Pour faire connaître leurs idées ils organisent des conférences publiques, mais ils ont aussi besoin de publications. Parmi les écrits saint-simoniens, on ne trouve pas d'ouvrages volumineux ni de lourds traités s'accordant mal à la propagande qu'ils veulent mener. Leurs publications consistent surtout en revues, journaux, comptes rendus de leçons ou de séances d'exposition qui jouent un grand rôle dans le développement de l’école saint-simonienne en permettant aux disciples de formaliser leurs idées et de les constituer en une doctrine cohérente. Ces publications sont, avec les réunions publiques à Paris et les missions en province, leur principal canal de diffusion : elles ont ainsi une grande importance dans la vie du groupe et dans son organisation.
Cité par Charlety, op. cit., p. 48.
S. Charlety , op. cit. , p. 48
voir Charlety, op. cit., p. 76-77. Les élèves de l’école polytechnique constituaient pour les saint-simoniens un public privilégié. A. Transon leur a consacré une série de discours réunis dans une publication Discours aux élèves de l’école polytechnique.
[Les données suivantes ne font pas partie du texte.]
(* Let $\Gamma$ be a finitely generated group and $H\le\Gamma$ an amenable subgroup. If for some finite symmetric generating set $S$ the Schreier graph $\mathrm{Sch}(\Gamma,H,S)$ is multi-ended, then $\Gamma$ is extraterrestrial.
   Context: The Schreier graph $\mathrm{Sch}(\Gamma,H,S)$ has vertices the right cosets $Hg$ and edges $\{Hg,Hgs\}$, $s\in S$. A connected graph is multi-ended if there is a finite set of vertices whose removal leaves at least two infinite connected components. A finitely generated group is extraterrestrial if its Cayley graph with respect to some (equivalently any) finite symmetric generating set is extraterrestrial, where a graph $G=(V,E)$ is extraterrestrial if for every $m$ there is $k$ such that for every $r$ there is a triple $(U,F,O)$ of pairwise disjoint finite vertex sets with $U\neq\emptyset$, $|U|\ge m|F|$, a bijection $\mu:U\to O$ with $d_G(u,\mu(u))\le k$, and every path from $U$ to $O$ either contains a vertex of $F$ or has length at least $r$. *)

From Stdlib Require Import Reals List.
From mathcomp Require Import all_boot.

Set Implicit Arguments.
Unset Strict Implicit.
Unset Printing Implicit Defensive.

Local Open Scope group_scope.

(* Graphs (possibly infinite), given by a vertex type and an adjacency *)
(* relation.  Finite vertex sets are represented by duplicate-free     *)
(* lists; their cardinality is the length of the list.                 *)

Record graph := Graph { vert : Type; adj : vert -> vert -> Prop }.

(* [walk Gr (v0 :: vs)] : consecutive vertices are adjacent.
   A walk [v0 :: vs] has length [length vs] (number of edges). *)
Fixpoint walk (Gr : graph) (v : vert Gr) (vs : list (vert Gr)) : Prop :=
  match vs with
  | nil => True
  | w :: ws => adj v w /\ walk w ws
  end.

Definition walk_last (Gr : graph) (v : vert Gr) (vs : list (vert Gr)) :=
  List.last vs v.

Definition dist_le (Gr : graph) (u v : vert Gr) (k : nat) : Prop :=
  exists vs, walk u vs /\ walk_last u vs = v /\ (length vs <= k)%coq_nat.

Definition connected_avoiding (Gr : graph) (F : list (vert Gr)) (u v : vert Gr)
  : Prop :=
  exists vs, walk u vs /\ walk_last u vs = v /\
    (forall x, In x (u :: vs) -> ~ In x F).

Definition finite_set (T : Type) (P : T -> Prop) : Prop :=
  exists l : list T, forall x, P x -> In x l.
(* There is an absolute constant $c>0$ such that the following holds. Let $\mathbf T$ be a size-$s$ stochastic decision tree over $\{0,1\}^n$. For every $\varepsilon\in(0,1/2)$ there is a stochastic-leaf decision tree $\overline{\mathbf T}$ of size $S\le s^{c/\varepsilon^2}$ such that $\mathbb{E}_{\mathbf x}\big[|\mu_{\mathbf T}(\mathbf x)-\mu_{\overline{\mathbf T}}(\mathbf x)|\big]\le\varepsilon$, where $\mathbf x$ is uniform on $\{0,1\}^n$.
   Context: A stochastic decision tree (DT) $\mathbf{T}$ over $\{0,1\}^n$ is a rooted binary tree whose internal nodes are either deterministic nodes, each labeled by a variable $x_i$ ($i\in[n]$) with one outgoing edge followed when $x_i=0$ and one when $x_i=1$, or stochastic nodes, each with two outgoing edges followed with probabilities $p$ and $1-p$ (for a node-specific $p\in[0,1]$, using fresh independent randomness at each node), and whose leaves are labeled $0$ or $1$. On input $x$, $\mathbf{T}(x)$ is the (random) label of the leaf reached. The size of a DT is its number of leaves. A stochastic-leaf DT is a stochastic DT in which every stochastic node has only leaves as its children. The mean function of $\mathbf T$ is $\mu_{\mathbf T}(x)=\Pr[\mathbf T(x)=1]$. *)

From HB Require Import structures.
From mathcomp Require Import all_boot all_order all_algebra.
From mathcomp Require Import all_classical all_reals.
From Stdlib Require Import Rdefinitions.
From mathcomp Require Import Rstruct exp.
Set Implicit Arguments. Unset Strict Implicit. Unset Printing Implicit Defensive.
Import Order.TTheory GRing.Theory Num.Theory.
Local Open Scope ring_scope.
(* [exp (- C t) * (f t + c / C)] is Lipschitz with a.e. nonpositive derivative. *)
Lemma gronwall_ae (f : R -> R) (T Lf C c : R) (N : R -> Prop) :
  0 <= T -> 0 < C -> 0 <= Lf -> lipschitz_on 0 T Lf f -> null_set N ->
  (forall t, 0 < t < T -> ~ N t -> exists d, is_derive f t d /\ d <= C * f t + c) ->
  f T + c / C <= exp (C * T) * (f 0 + c / C).
Proof.
  intros hT hC hLf Hf HN Hd.
  set (k := c / C).
  set (B := Rabs (f 0) + Lf * T + Rabs k).
  assert (Hfk : lipschitz_on 0 T Lf (fun t => f t + k)).
  { intros s t hs ht. replace (f s + k - (f t + k)) with (f s - f t) by ring. now apply Hf. }
  assert (Hm : exp (- C * T) * (f T + k) <= exp (- C * 0) * (f 0 + k)).
  { apply (nonincreasing_of_derive_nonpos_ae (fun t => exp (- C * t) * (f t + k)) 0 T
             (C * B + 1 * Lf) N hT).
    - pose proof (Rabs_pos (f 0)). pose proof (Rabs_pos k).
      assert (0 <= Lf * T) by (apply Rmult_le_pos; lra). unfold B. nra.
    - eapply (lipschitz_on_mult 0 T C Lf 1 B (fun t => exp (- C * t)) (fun t => f t + k));
        try lra.
      + pose proof (Rabs_pos (f 0)). pose proof (Rabs_pos k).
        assert (0 <= Lf * T) by (apply Rmult_le_pos; lra). unfold B. lra.
      + now apply exp_neg_mult_lipschitz; lra.
      + exact Hfk.
      + intros t ht. rewrite Rabs_right by (left; apply exp_pos).
        apply exp_neg_mult_le_1; lra.
      + intros t ht. pose proof (lipschitz_on_bound 0 T Lf f t hLf Hf ht).
        pose proof (Rabs_triang (f t) k). unfold B. lra.
    - exact HN.
    - intros t ht hN. destruct (Hd t ht hN) as [d [Hd1 Hd2]].
      exists (- C * exp (- C * t) * (f t + k) + exp (- C * t) * d). split.
      + apply (is_derive_mult (fun t => exp (- C * t)) (fun t => f t + k));
          [| | intros; apply Rmult_comm].
        * apply (is_derive_comp exp (fun t => - C * t) t (exp (- C * t)) (- C)); [apply is_derive_exp|].
          pose proof (is_derive_scal (fun t => t) t (- C) 1 (is_derive_id t)) as H.
          rewrite Rmult_1_r in H. exact H.
        * pose proof (is_derive_plus f (fun _ => k) t d 0 Hd1 (is_derive_const k t)) as H.
          rewrite Rplus_0_r in H. exact H.
      + pose proof (exp_pos (- C * t)).
        replace (- C * exp (- C * t) * (f t + k) + exp (- C * t) * d)
          with (exp (- C * t) * (d - C * f t - c)) by (unfold k; field; lra). nra. }
  rewrite Rmult_0_r, exp_0, Rmult_1_l in Hm.
  apply Rmult_le_compat_l with (r := exp (C * T)) in Hm; [|left; apply exp_pos].
  rewrite <- Rmult_assoc, <- exp_plus in Hm. replace (C * T + - C * T) with 0 in Hm by ring.
  rewrite exp_0, Rmult_1_l in Hm. exact Hm.
Qed.

(** * Continuous dependence of the fluid model on the initial condition *)

Lemma fluid_solution_bounds (lam p : R) (z0 : nat -> R) (Z : R -> nat -> R) :
  fluid_solution lam p z0 Z ->
  exists L, 0 <= L /\ (forall i T, lipschitz_on 0 T L (fun s => Z s i)) /\
    (forall s i, 0 <= s -> 0 <= Z s i <= Z 0 O + L * s).
Proof.
  intros [HV [[L HL] [_ [Hshape _]]]].
  exists (Rabs L). split; [apply Rabs_pos|]. split.
  { intros i T s1 s2 h1 h2. eapply Rle_trans; [apply HL; lra|].
    apply Rmult_le_compat_r; [apply Rabs_pos | apply Rle_abs]. }
  intros s i hs. split.
  - destruct (HV s hs) as [sig [[[sig0 sig_mono] _] Hsig]]. rewrite Hsig.
    apply Series_ge_0. intros j. destruct (i + j)%nat; [lra | apply sig_mono].
  - assert (Hdecr : forall i, Z s i <= Z s O).
    { destruct (Hshape s hs) as [H01 Hi].
      intros k; induction k as [|[|k] IH]; [lra | lra |].
      destruct (Hi k) as [_ [_ H]]. lra. }
    specialize (HL O s 0 hs ltac:(lra)). rewrite Rminus_0_r, (Rabs_right s) in HL by lra.
    pose proof (Rmult_le_compat_r s L (Rabs L) hs (Rle_abs L)).
    pose proof (Rle_abs (Z s O - Z 0 O)). pose proof (Hdecr i). lra.
Qed.

Definition drift (lam p : R) (v : nat -> R) (i : nat) : R :=
  lam * (v (pred i) - v i) - (1 - p) * (v i - v (S i)) - g lam p v i.

Section FluidStability.

Variables lam p : R.
Hypothesis hlam : 0 <= lam < 1.
Hypothesis hp : 0 <= p <= 1.

Lemma g_monotone (a b : nat -> R) (i : nat) :
  0 <= a i -> 0 <= b i -> 0 <= (a i - b i) * (g lam p a i - g lam p b i).
Proof.
  intros ha hb.
  assert (g_le_p : forall v, ~ 0 < v i -> 0 <= g lam p v i <= p).
  { intros v hv. unfold g. destruct (Rlt_dec 0 (v i)) as [|_]; [contradiction|].
    destruct (Rlt_dec 0 (v (pred i))); [|lra].
    split; [apply Rmin_glb; nra | apply Rmin_r]. }
  assert (g_pos : forall v, 0 < v i -> g lam p v i = p).
  { intros v hv. unfold g. destruct (Rlt_dec 0 (v i)); [reflexivity | contradiction]. }
  destruct (Rlt_dec 0 (a i)) as [ha'|ha'], (Rlt_dec 0 (b i)) as [hb'|hb'].
  - rewrite !g_pos by assumption. lra.
  - rewrite (g_pos a ha'). pose proof (g_le_p b hb'). replace (b i) with 0 by lra. nra.
  - rewrite (g_pos b hb'). pose proof (g_le_p a ha'). replace (a i) with 0 by lra. nra.
  - replace (a i) with 0 by lra. replace (b i) with 0 by lra. lra.
Qed.

Lemma drift_pairing_le (a0 a1 a2 D : R) :
  0 <= a1 * D ->
  2 * a1 * (lam * (a0 - a1) - (1 - p) * (a1 - a2) - D) <= a0 ^ 2 + a2 ^ 2.
Proof.
  intros hD.
  assert (0 <= lam * (a0 - a1) ^ 2) by (apply Rmult_le_pos; [lra | apply pow2_ge_0]).
  assert (0 <= (1 - p) * (a1 - a2) ^ 2) by (apply Rmult_le_pos; [lra | apply pow2_ge_0]).
  assert (0 <= (1 - lam) * a0 ^ 2) by (apply Rmult_le_pos; [lra | apply pow2_ge_0]).
  assert (0 <= p * a2 ^ 2) by (apply Rmult_le_pos; [lra | apply pow2_ge_0]).
  assert (0 <= (lam + (1 - p)) * a1 ^ 2) by (apply Rmult_le_pos; [lra | apply pow2_ge_0]).
  replace (2 * a1 * (lam * (a0 - a1) - (1 - p) * (a1 - a2) - D)) with
    (a0 ^ 2 + a2 ^ 2 - (lam * (a0 - a1) ^ 2 + (1 - p) * (a1 - a2) ^ 2 + (1 - lam) * a0 ^ 2
      + p * a2 ^ 2 + (lam + (1 - p)) * a1 ^ 2) - 2 * (a1 * D)) by ring.
  lra.
Qed.

Variables (u0 v0 : nat -> R) (U V : R -> nat -> R).
Hypothesis HU : fluid_solution lam p u0 U.
Hypothesis HV : fluid_solution lam p v0 V.

Definition energy (K : nat) (s : R) : R :=
  sum_f_R0 (fun k => (/ 2) ^ S k * (U s (S k) - V s (S k)) ^ 2) K.

Lemma fluid_difference_head (s : R) : 0 <= s -> U s O - V s O = U s 1%nat - V s 1%nat.
Proof.
  intros hs. destruct HU as [_ [_ [_ [HU2 _]]]], HV as [_ [_ [_ [HV2 _]]]].
  destruct (HU2 s hs) as [e1 _], (HV2 s hs) as [e2 _]. lra.
Qed.

Lemma is_derive_energy (K : nat) (s : R) :
  (forall i, (1 <= i)%nat -> is_derive (fun r => U r i) s (drift lam p (U s) i)) ->
  (forall i, (1 <= i)%nat -> is_derive (fun r => V r i) s (drift lam p (V s) i)) ->
  is_derive (energy K) s
    (sum_f_R0 (fun k => (/ 2) ^ S k * (2 * (U s (S k) - V s (S k))
                          * (drift lam p (U s) (S k) - drift lam p (V s) (S k)))) K).
Proof.
  intros HdU HdV. apply is_derive_sum_f_R0. intros k _.
  replace ((/ 2) ^ S k * (2 * (U s (S k) - V s (S k))
             * (drift lam p (U s) (S k) - drift lam p (V s) (S k))))
    with ((/ 2) ^ S k * (INR 2 * minus (drift lam p (U s) (S k)) (drift lam p (V s) (S k))
                          * (U s (S k) - V s (S k)) ^ pred 2))
    by (unfold minus, plus, opp; simpl; ring).
  apply is_derive_scal, (is_derive_pow (fun r => U r (S k) - V r (S k))),
        (is_derive_minus (fun r => U r (S k)) (fun r => V r (S k))); [apply HdU | apply HdV]; lia.
Qed.

Lemma energy_derive_le (K : nat) (s : R) : 0 <= s ->
  (forall i, (1 <= i)%nat -> is_derive (fun r => U r i) s (drift lam p (U s) i)) ->
  (forall i, (1 <= i)%nat -> is_derive (fun r => V r i) s (drift lam p (V s) i)) ->
  exists d, is_derive (energy K) s d /\
    d <= 4 * energy K s + (/ 2) ^ S K * (U s (S (S K)) - V s (S (S K))) ^ 2.
Proof.
  intros hs HdU HdV.
  set (x := fun i => U s i - V s i).
  set (y := fun j => (/ 2) ^ j * x j ^ 2).
  set (dx := fun i => drift lam p (U s) i - drift lam p (V s) i).
  assert (y_ge0 : forall j, 0 <= y j).
  { intros j. apply Rmult_le_pos; [apply pow_le; lra | apply pow2_ge_0]. }
  exists (sum_f_R0 (fun k => (/ 2) ^ S k * (2 * x (S k) * dx (S k))) K). split.
  - exact (is_derive_energy K s HdU HdV).
  - destruct (fluid_solution_bounds lam p u0 U HU) as [Lu [_ [_ HbU]]].
    destruct (fluid_solution_bounds lam p v0 V HV) as [Lv [_ [_ HbV]]].
    assert (Hterm : forall k, (/ 2) ^ S k * (2 * x (S k) * dx (S k)) <= y k * / 2 + y (S (S k)) * 2).
    { intros k.
      pose proof (g_monotone (U s) (V s) (S k) (proj1 (HbU s (S k) hs)) (proj1 (HbV s (S k) hs))) as Hg.
      pose proof (drift_pairing_le (x k) (x (S k)) (x (S (S k)))
                    (g lam p (U s) (S k) - g lam p (V s) (S k)) Hg) as Hp.
      replace (dx (S k)) with (lam * (x k - x (S k)) - (1 - p) * (x (S k) - x (S (S k)))
                               - (g lam p (U s) (S k) - g lam p (V s) (S k)))
        by (unfold dx, drift, x; simpl pred; ring).
      apply Rmult_le_compat_l with (r := (/ 2) ^ S k) in Hp; [|apply pow_le; lra].
      unfold y. simpl pow. simpl pow in Hp. lra. }
    eapply Rle_trans; [apply sum_Rle; intros k _; apply Hterm|].
    rewrite plus_sum, <- !scal_sum.
    pose proof (sum_f_R0_shift y K) as S1. pose proof (sum_f_R0_shift (fun k => y (S k)) K) as S2.
    assert (HE : sum_f_R0 (fun k => y (S k)) K = energy K s) by reflexivity.
    rewrite tech5 in S1, S2. rewrite HE in S1, S2.
    assert (y0 : y O = 2 * y 1%nat).
    { unfold y, x. rewrite (fluid_difference_head s hs). simpl. field. }
    assert (y1 : y 1%nat <= energy K s)
      by (rewrite <- HE; apply (sum_f_R0_ge_term (fun k => y (S k)) 0 K); auto; lia).
    pose proof (y_ge0 (S K)). pose proof (y_ge0 1%nat).
    assert (2 * y (S (S K)) = (/ 2) ^ S K * (U s (S (S K)) - V s (S (S K))) ^ 2)
      by (unfold y, x; simpl; field).
    lra.
Qed.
Cet ouvrage est signalé par p. janet, Saint-Simon et le saint-simonisme, Baillière, Paris, 1878, p. 78.
Michel Chevalier, "Le Système de la Méditerranée", Le Globe, 12 février 1832. "Le Système de la Méditerranée" est le dernier d'une série d'articles sur la paix : "La paix est aujourd'hui la condition de l'émancipation des peuples". Ce Système envisage dans le détail le réseau de transport et les voies de communication qui doivent faire de la Méditerranée un espace intégré d'échanges continuels entre les hommes peuplant ses pourtours.